> [THE INPUT]
++++++
(* For any qubit state $\rho$ (density matrix on $\mathbb{C}^2$), $$F_c(\rho)=\frac{1}{2}+\frac{1}{2}\,C_{\mathcal{R}}(\rho).$$
   Context: Coherence is taken with respect to the computational basis $\{|0\rangle,|1\rangle\}$; incoherent states are those diagonal in this basis, forming the set $\mathcal{I}$. The set of maximally coherent qubit states is $\mathcal{M}=\{\frac{1}{\sqrt2}(e^{\mathfrak{i}\theta_0}|0\rangle+e^{\mathfrak{i}\theta_1}|1\rangle):\theta_0,\theta_1\in[0,2\pi]\}$, and the coherence fraction is $F_c(\rho)=\max_{|\phi\rangle\in\mathcal{M}}\langle\phi|\rho|\phi\rangle$. The robustness of coherence is $C_{\mathcal{R}}(\rho)=\min_{\tau}\{s\ge 0: \frac{\rho+s\tau}{1+s}\in\mathcal{I}\}$, where the minimum is over all states $\tau$. *)

From HB Require Import structures.
From mathcomp Require Import all_boot all_order all_algebra.
From mathcomp Require Import all_classical all_reals.
From mathcomp Require Import trigo.
From mathcomp Require Import complex.

Set Implicit Arguments.
Unset Strict Implicit.
Unset Printing Implicit Defensive.

Import Order.TTheory GRing.Theory Num.Theory.
Local Open Scope ring_scope.
Local Open Scope complex_scope.
Local Open Scope classical_set_scope.

Section Qubit.
Variable R : realType.
Local Notation C := R[i].

Definition adjmx m n (A : 'M[C]_(m, n)) : 'M[C]_(n, m) := map_mx conjc A^T.

(* Density matrix (qubit state): Hermitian, positive semidefinite, trace 1.
   The order on R[i] is the numeric-field order: 0 <= z iff z is real
   and nonnegative. *)
Definition is_state (rho : 'M[C]_2) : Prop :=
  adjmx rho = rho /\
  (forall v : 'cV[C]_2, 0 <= (adjmx v *m rho *m v) 0 0) /\
  \tr rho = 1.

Definition incoherent (rho : 'M[C]_2) : Prop :=
  is_state rho /\ is_diag_mx rho.

Definition expi (t : R) : C := (cos t) +i* (sin t).

Definition maxcoh (t0 t1 : R) : 'cV[C]_2 :=
  \matrix_(k, j) (((Num.sqrt 2)^-1)%:C * (if val k == 0%N then expi t0 else expi t1)).

Definition braket (rho : 'M[C]_2) (phi : 'cV[C]_2) : C :=
  (adjmx phi *m rho *m phi) 0 0.

(* Coherence fraction: max over M of <phi|rho|phi> (a real number for
   Hermitian rho; we take its real part). *)
Definition coh_fraction (rho : 'M[C]_2) : R :=
  sup [set r : R | exists t0 t1 : R,
        [/\ (0 <= t0 <= 2 * pi)%R, (0 <= t1 <= 2 * pi)%R &
            r = complex.Re (braket rho (maxcoh t0 t1))]].

Definition robustness (rho : 'M[C]_2) : R :=
  inf [set s : R | (0 <= s)%R /\ exists tau : 'M[C]_2,
        is_state tau /\ incoherent ((1 + s%:C)^-1 *: (rho + s%:C *: tau))].

End Qubit.

(* A Hermitian unit-trace qubit matrix is [[a, c], [c^*, 1 - a]], and it is
   positive semidefinite iff 0 <= a <= 1 and |c|^2 <= a (1 - a) <= 1/4.
   Its overlap with (e^{i t0}|0> + e^{i t1}|1>)/sqrt 2 is
   1/2 + Re (c e^{i (t1 - t0)}), whose maximum over the phases is 1/2 + |c|.
   A mixture (rho + s tau)/(1 + s) is diagonal iff c = - s tau_01, and
   |tau_01| <= 1/2 forces s >= 2|c|; the state tau with diagonal 1/2 and
   off-diagonal entry - c/(2|c|) attains s = 2|c|.  Hence F_c = 1/2 + |c| and
   C_R = 2|c|. *)

From mathcomp Require Import all_boot all_order all_algebra.
From mathcomp Require Import all_classical all_reals.
From mathcomp Require Import trigo.
From mathcomp Require Import complex.
From mathcomp Require Import ring lra.

Set Implicit Arguments.
Unset Strict Implicit.
Unset Printing Implicit Defensive.

Import Order.TTheory GRing.Theory Num.Theory.
Local Open Scope ring_scope.
Local Open Scope complex_scope.

Lemma cauchy_schwarz2 (R : realDomainType) (p q u v : R) :
  (p * u + q * v) ^+ 2 <= (p ^+ 2 + q ^+ 2) * (u ^+ 2 + v ^+ 2).
Proof.
have -> : (p ^+ 2 + q ^+ 2) * (u ^+ 2 + v ^+ 2) =
          (p * u + q * v) ^+ 2 + (p * v - q * u) ^+ 2 by ring.
by rewrite lerDl sqr_ge0.
Qed.

Section Hypot.
Variable R : rcfType.
Implicit Types p q u v : R.

Definition hypot p q : R := Num.sqrt (p ^+ 2 + q ^+ 2).

Lemma hypot_ge0 p q : 0 <= hypot p q.
Proof. exact: sqrtr_ge0. Qed.

Lemma sqr_hypot p q : hypot p q ^+ 2 = p ^+ 2 + q ^+ 2.
Proof. by rewrite sqr_sqrtr // addr_ge0 ?sqr_ge0. Qed.

Lemma hypot_eq0 p q : hypot p q = 0 -> p = 0 /\ q = 0.
Proof. by move=> h0; have := sqr_hypot p q; rewrite h0 expr0n /=; split; nra. Qed.

Lemma ler_dot_hypot p q u v : u ^+ 2 + v ^+ 2 = 1 -> p * u + q * v <= hypot p q.
Proof.
move=> uv; have := cauchy_schwarz2 p q u v; rewrite uv mulr1 => cs.
by rewrite (le_trans (ler_norm _)) // -sqrtr_sqr ler_sqrt // addr_ge0 ?sqr_ge0.
Qed.

End Hypot.

Section RealFacts.
Variable R : realType.

Lemma unit_circle_angle (x y : R) : x ^+ 2 + y ^+ 2 = 1 ->
  exists t : R, [/\ 0 <= t <= 2 * pi, cos t = x & sin t = y].
Proof.
move=> xy.
have x11 : -1 <= x <= 1 by apply/andP; split; nra.
have cos_acos : cos (acos x) = x by apply: acosK; rewrite in_itv.
have sin_acos : sin (acos x) = `|y|.
  by rewrite sin_acos // (_ : 1 - x ^+ 2 = y ^+ 2) ?sqrtr_sqr //; lra.
have acos0 := acos_ge0 x11; have acos_pi := acos_lepi x11; have pi0 := pi_ge0 R.
have [y0|y0] := lerP 0 y.
  exists (acos x); split => //; last by rewrite sin_acos ger0_norm.
  by rewrite acos0 /=; lra.
exists (2 * pi - acos x); split.
- by apply/andP; split; lra.
- by rewrite cosB mulr_natl cos2pi sin2pi cos_acos; ring.
- by rewrite sinB mulr_natl cos2pi sin2pi sin_acos ltr0_norm //; ring.
Qed.

Lemma hypot_attained (p q : R) :
  exists t : R, 0 <= t <= 2 * pi /\ p * cos t - q * sin t = hypot p q.
Proof.
have [h0|h_neq0] := eqVneq (hypot p q) 0.
  exists 0; rewrite h0 lexx mulr_ge0 ?pi_ge0 //; split => //.
  by have [-> ->] := hypot_eq0 h0; ring.
have [t [t02 ct st]] : exists t : R,
    [/\ 0 <= t <= 2 * pi, cos t = p / hypot p q & sin t = - q / hypot p q].
  apply: unit_circle_angle.
  by rewrite !expr_div_n sqrrN -mulrDl -sqr_hypot divff // expf_neq0.
exists t; split => //; rewrite ct st.
have -> : p * (p / hypot p q) - q * (- q / hypot p q) = hypot p q ^+ 2 / hypot p q.
  by rewrite sqr_hypot; field.
by rewrite expr2 mulfK.
Qed.

Lemma sup_maximum (E : set R) x : E x -> ubound E x -> sup E = x.
Proof.
move=> Ex ubx; apply/le_anti/andP; split; first by apply: ge_sup => //; exists x.
by apply: ub_le_sup => //; exists x.
Qed.

Lemma inf_minimum (E : set R) x : E x -> lbound E x -> inf E = x.
Proof.
move=> Ex lbx; apply/le_anti/andP; split; last by apply: lb_le_inf => //; exists x.
by apply: ge_inf => //; exists x.
Qed.

End RealFacts.

Lemma ord2P (P : 'I_2 -> Prop) : P 0 -> P 1 -> forall i, P i.
Proof.
move=> P0 P1 [[|[|//]] lti];
  [suff -> : Ordinal lti = 0 by [] | suff -> : Ordinal lti = 1 by []]; exact: val_inj.
Qed.

Lemma sum_ord2 (V : nmodType) (F : 'I_2 -> V) : \sum_(i < 2) F i = F 0 + F 1.
Proof. by rewrite big_ord_recl big_ord1; congr (_ + F _); exact: val_inj. Qed.

Section QubitMatrices.
Variable R : realType.
Local Notation C := R[i].
Local Notation Re := (@complex.Re R).
Local Notation Im := (@complex.Im R).

Definition qmx (a d p q : R) : 'M[C]_2 :=
  \matrix_(i, j) if val i == val j then (if val i == 0%N then a%:C else d%:C)
                 else if val i == 0%N then p +i* q else p -i* q.

Lemma braket2 (M : 'M[C]_2) (v : 'cV[C]_2) : braket M v =
  (v 0 0)^* * (M 0 0 * v 0 0 + M 0 1 * v 1 0) +
  (v 1 0)^* * (M 1 0 * v 0 0 + M 1 1 * v 1 0).
Proof. by rewrite /braket /adjmx !mxE !sum_ord2 !mxE !sum_ord2 !mxE; ring. Qed.

Lemma braket_qmx a d p q (v : 'cV[C]_2) : braket (qmx a d p q) v =
  let: x1 +i* x2 := v 0 0 in let: y1 +i* y2 := v 1 0 in
  (a * (x1 ^+ 2 + x2 ^+ 2) + d * (y1 ^+ 2 + y2 ^+ 2)
   + 2 * (p * (x1 * y1 + x2 * y2) - q * (x1 * y2 - x2 * y1)))%:C.
Proof.
rewrite braket2 !mxE /=; case: (v 0 0) => x1 x2; case: (v 1 0) => y1 y2; simpc.
by apply/eqP; rewrite eq_complex /=; apply/andP; split; apply/eqP; ring.
Qed.

Lemma hermitian_qmx (M : 'M[C]_2) : adjmx M = M ->
  M = qmx (Re (M 0 0)) (Re (M 1 1)) (Re (M 0 1)) (Im (M 0 1)).
Proof.
move=> hM; have hJ i j : (M j i)^* = M i j by rewrite -{2}hM !mxE.
have real_diag i : M i i = (Re (M i i))%:C.
  by move: (hJ i i); case: (M i i) => x y [] hy; have -> : y = 0 by lra.
apply/matrixP => i j; elim/ord2P: i; elim/ord2P: j; rewrite mxE //=.
- by case: (M 0 1).
- by rewrite -hJ; case: (M 0 1).
Qed.

Lemma braket_qmx_ge0 a d p q (v : 'cV[C]_2) :
  0 <= a -> 0 <= d -> p ^+ 2 + q ^+ 2 <= a * d -> 0 <= braket (qmx a d p q) v.
Proof.
move=> a0 d0 det; rewrite braket_qmx.
case: (v 0 0) => x1 x2; case: (v 1 0) => y1 y2; rewrite lecR.
set X := x1 ^+ 2 + x2 ^+ 2; set Y := y1 ^+ 2 + y2 ^+ 2.
have X0 : 0 <= X by rewrite addr_ge0 ?sqr_ge0.
have Y0 : 0 <= Y by rewrite addr_ge0 ?sqr_ge0.
have := cauchy_schwarz2 p (- q) (x1 * y1 + x2 * y2) (x1 * y2 - x2 * y1).
have -> : (x1 * y1 + x2 * y2) ^+ 2 + (x1 * y2 - x2 * y1) ^+ 2 = X * Y by rewrite /X /Y; ring.
rewrite sqrrN; set z := _ * _ + _ * _ => cs.
have amgm : 4 * (a * X) * (d * Y) <= (a * X + d * Y) ^+ 2.
  by rewrite -subr_ge0 (_ : _ - _ = (a * X - d * Y) ^+ 2) ?sqr_ge0 //; ring.
have detXY : (p ^+ 2 + q ^+ 2) * (X * Y) <= a * d * (X * Y).
  by rewrite ler_wpM2r ?mulr_ge0.
have sq : (2 * z) ^+ 2 <= (a * X + d * Y) ^+ 2 by nra.
have S0 : 0 <= a * X + d * Y by rewrite addr_ge0 ?mulr_ge0.
have : - (2 * z) <= a * X + d * Y by nra.
by rewrite /z; lra.
Qed.

Lemma is_state_qmx a d p q : is_state (qmx a d p q) <->
  [/\ a + d = 1, 0 <= a, 0 <= d & p ^+ 2 + q ^+ 2 <= a * d].
Proof.
split.
- move=> [_ [psd tr]].
  have {}psd x1 x2 y1 y2 : 0 <= a * (x1 ^+ 2 + x2 ^+ 2) + d * (y1 ^+ 2 + y2 ^+ 2)
      + 2 * (p * (x1 * y1 + x2 * y2) - q * (x1 * y2 - x2 * y1)).
    have := psd (\col_i [:: x1 +i* x2; y1 +i* y2]`_i).
    by rewrite -/(braket _ _) braket_qmx !mxE /= lecR.
  have trace : a + d = 1 by move: tr; rewrite /mxtrace sum_ord2 !mxE /= => -[].
  have a0 := psd 1 0 0 0; have d0 := psd 0 0 1 0.
  (* at (-c, a) and (d, -conj c) the form is a (ad - |c|^2) and d (ad - |c|^2) *)
  have := psd (- p) (- q) a 0; have := psd d 0 (- p) q.
  by split => //; nra.
- move=> [trace a0 d0 det]; split; [|split].
  + by apply/matrixP => i j; elim/ord2P: i; elim/ord2P: j; rewrite !mxE /= ?oppr0 ?opprK.
  + by move=> v; apply: braket_qmx_ge0.
  + by rewrite /mxtrace sum_ord2 !mxE /= -rmorphD trace.
Qed.

Lemma state_offdiag_le a d p q : is_state (qmx a d p q) -> p ^+ 2 + q ^+ 2 <= 4^-1.
Proof.
case/is_state_qmx => tr _ _ det.
have : 0 <= (a - d) ^+ 2 by apply: sqr_ge0.
by nra.
Qed.

Lemma is_diag_qmx a d p q : is_diag_mx (qmx a d p q) <-> p = 0 /\ q = 0.
Proof.
split; first by move=> /is_diag_mxP /(_ 0 1 isT); rewrite mxE /= => -[].
move=> [-> ->]; apply/is_diag_mxP => i j.
by elim/ord2P: i; elim/ord2P: j => // _; rewrite mxE /= ?oppr0.
Qed.

Lemma incoherent_qmx a d : a + d = 1 -> 0 <= a -> 0 <= d -> incoherent (qmx a d 0 0).
Proof.
move=> tr a0 d0; split; last exact/is_diag_qmx.
by apply/is_state_qmx; split => //; rewrite expr0n /= addr0 mulr_ge0.
Qed.

Lemma qmxD a d p q a' d' p' q' :
  qmx a d p q + qmx a' d' p' q' = qmx (a + a') (d + d') (p + p') (q + q').
Proof.
apply/matrixP => i j; elim/ord2P: i; elim/ord2P: j; rewrite !mxE /= ?rmorphD //.
by rewrite opprD.
Qed.

Lemma scale_qmx k a d p q : k%:C *: qmx a d p q = qmx (k * a) (k * d) (k * p) (k * q).
Proof.
apply/matrixP => i j; elim/ord2P: i; elim/ord2P: j.
all: by rewrite !mxE /= ?rmorphM //; simpc; rewrite ?mulrN.
Qed.

Lemma mixture_qmx s a d p q a' d' p' q' :
  (1 + s%:C)^-1 *: (qmx a d p q + s%:C *: qmx a' d' p' q') =
  qmx ((a + s * a') / (1 + s)) ((d + s * d') / (1 + s))
      ((p + s * p') / (1 + s)) ((q + s * q') / (1 + s)).
Proof.
rewrite -[1]/(1%:C) -rmorphD -fmorphV scale_qmx qmxD scale_qmx.
by congr qmx; rewrite mulrC.
Qed.

Lemma Re_braket_maxcoh a d p q t0 t1 : Re (braket (qmx a d p q) (maxcoh t0 t1)) =
  (a + d) / 2 + (p * cos (t1 - t0) - q * sin (t1 - t0)).
Proof.
rewrite braket_qmx !mxE /= /expi /=.
set k := (Num.sqrt 2)^-1.
have k2 : k ^+ 2 = 2^-1 by rewrite exprVn sqr_sqrtr.
transitivity (k ^+ 2 * (a * (cos t0 ^+ 2 + sin t0 ^+ 2) + d * (cos t1 ^+ 2 + sin t1 ^+ 2)
                        + 2 * (p * cos (t1 - t0) - q * sin (t1 - t0)))).
  by rewrite cosB sinB; ring.
by rewrite k2 !cos2Dsin2; field.
Qed.

Lemma coh_fraction_qmx a d p q : a + d = 1 ->
  coh_fraction (qmx a d p q) = 2^-1 + hypot p q.
Proof.
move=> tr; apply: sup_maximum.
- have [t [t02 ht]] := hypot_attained p q.
  exists 0, t; split => //; first by rewrite lexx mulr_ge0 ?pi_ge0.
  by rewrite Re_braket_maxcoh subr0 ht tr div1r.
- move=> _ [t0 [t1 [_ _ ->]]]; rewrite Re_braket_maxcoh tr div1r lerD2l.
  have := @ler_dot_hypot _ p q (cos (t1 - t0)) (- sin (t1 - t0)).
  by rewrite sqrrN cos2Dsin2 mulrN => /(_ erefl).
Qed.

Lemma robustness_witness a d p q : is_state (qmx a d p q) ->
  exists tau, is_state tau /\
    incoherent ((1 + (2 * hypot p q)%:C)^-1 *: (qmx a d p q + (2 * hypot p q)%:C *: tau)).
Proof.
case/is_state_qmx => tr a0 d0 _; set n := hypot p q.
have n0 : 0 <= n := hypot_ge0 p q.
have [n_eq0|n_neq0] := eqVneq n 0.
  have [p0 q0] := hypot_eq0 n_eq0.
  exists (qmx 1 0 0 0); split; first by apply/is_state_qmx; rewrite expr0n /= addr0 mulr0 addr0.
  rewrite mixture_qmx n_eq0 p0 q0 !(mulr0, mul0r, addr0, divr1).
  exact: incoherent_qmx.
exists (qmx 2^-1 2^-1 (- p / (2 * n)) (- q / (2 * n))); split.
- apply/is_state_qmx; split; rewrite ?invr_ge0 //; first by field.
  rewrite !expr_div_n !sqrrN -mulrDl -sqr_hypot -/n.
  by rewrite le_eqVlt; apply/orP; left; apply/eqP; field.
- rewrite mixture_qmx.
  have -> : p + 2 * n * (- p / (2 * n)) = 0 by field.
  have -> : q + 2 * n * (- q / (2 * n)) = 0 by field.
  rewrite !mul0r; apply: incoherent_qmx.
  + by rewrite -mulrDl (_ : _ + _ = 1 + 2 * n) ?divff //; lra.
  + by apply: divr_ge0; lra.
  + by apply: divr_ge0; lra.
Qed.

Lemma robustness_lower_bound a d p q s tau : 0 <= s -> is_state tau ->
  incoherent ((1 + s%:C)^-1 *: (qmx a d p q + s%:C *: tau)) -> 2 * hypot p q <= s.
Proof.
move=> s0 st_tau [_ diag]; set n := hypot p q.
have htau := hermitian_qmx st_tau.1; rewrite {}htau in st_tau diag.
have quarter := state_offdiag_le st_tau.
move: diag quarter; rewrite mixture_qmx => /is_diag_qmx [].
set p' := Re _; set q' := Im _.
have s1 : 1 + s != 0 by rewrite gt_eqF // ltr_pwDl.
have divK0 x : x / (1 + s) = 0 -> x = 0.
  by move/eqP; rewrite mulf_eq0 invr_eq0 (negbTE s1) orbF => /eqP.
move=> /divK0 hp /divK0 hq quarter.
have ns : n ^+ 2 <= (s / 2) ^+ 2.
  have -> : n ^+ 2 = s ^+ 2 * (p' ^+ 2 + q' ^+ 2).
    have {}hp : p = - (s * p') by lra.
    have {}hq : q = - (s * q') by lra.
    by rewrite sqr_hypot hp hq; ring.
  have -> : (s / 2) ^+ 2 = s ^+ 2 * 4^-1 by field.
  by rewrite ler_wpM2l ?sqr_ge0.
have : n <= s / 2 by rewrite -ler_sqr ?nnegrE ?divr_ge0 ?hypot_ge0.
by lra.
Qed.

Lemma robustness_qmx a d p q : is_state (qmx a d p q) ->
  robustness (qmx a d p q) = 2 * hypot p q.
Proof.
move=> st; apply: inf_minimum.
- by split; [rewrite mulr_ge0 ?hypot_ge0 | exact: robustness_witness].
- by move=> s [s0 [tau [st_tau inc]]]; exact: robustness_lower_bound inc.
Qed.

End QubitMatrices.

Theorem mainTheorem2 (R : realType) (rho : 'M[R[i]]_2) :
  is_state rho ->
  coh_fraction rho = 2^-1 + 2^-1 * robustness rho.
Proof.
move=> st; have rho_qmx := hermitian_qmx st.1; rewrite {}rho_qmx in st *.
case/is_state_qmx: (st) => tr _ _ _.
by rewrite coh_fraction_qmx // robustness_qmx // mulKf // pnatr_eq0.
Qed.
++++++
All lines above with the word "quarter" need to be reported.

have quarter := state_offdiag_le st_tau.
move: diag quarter; rewrite mixture_qmx => /is_diag_qmx [].
move=> /divK0 hp /divK0 hq quarter.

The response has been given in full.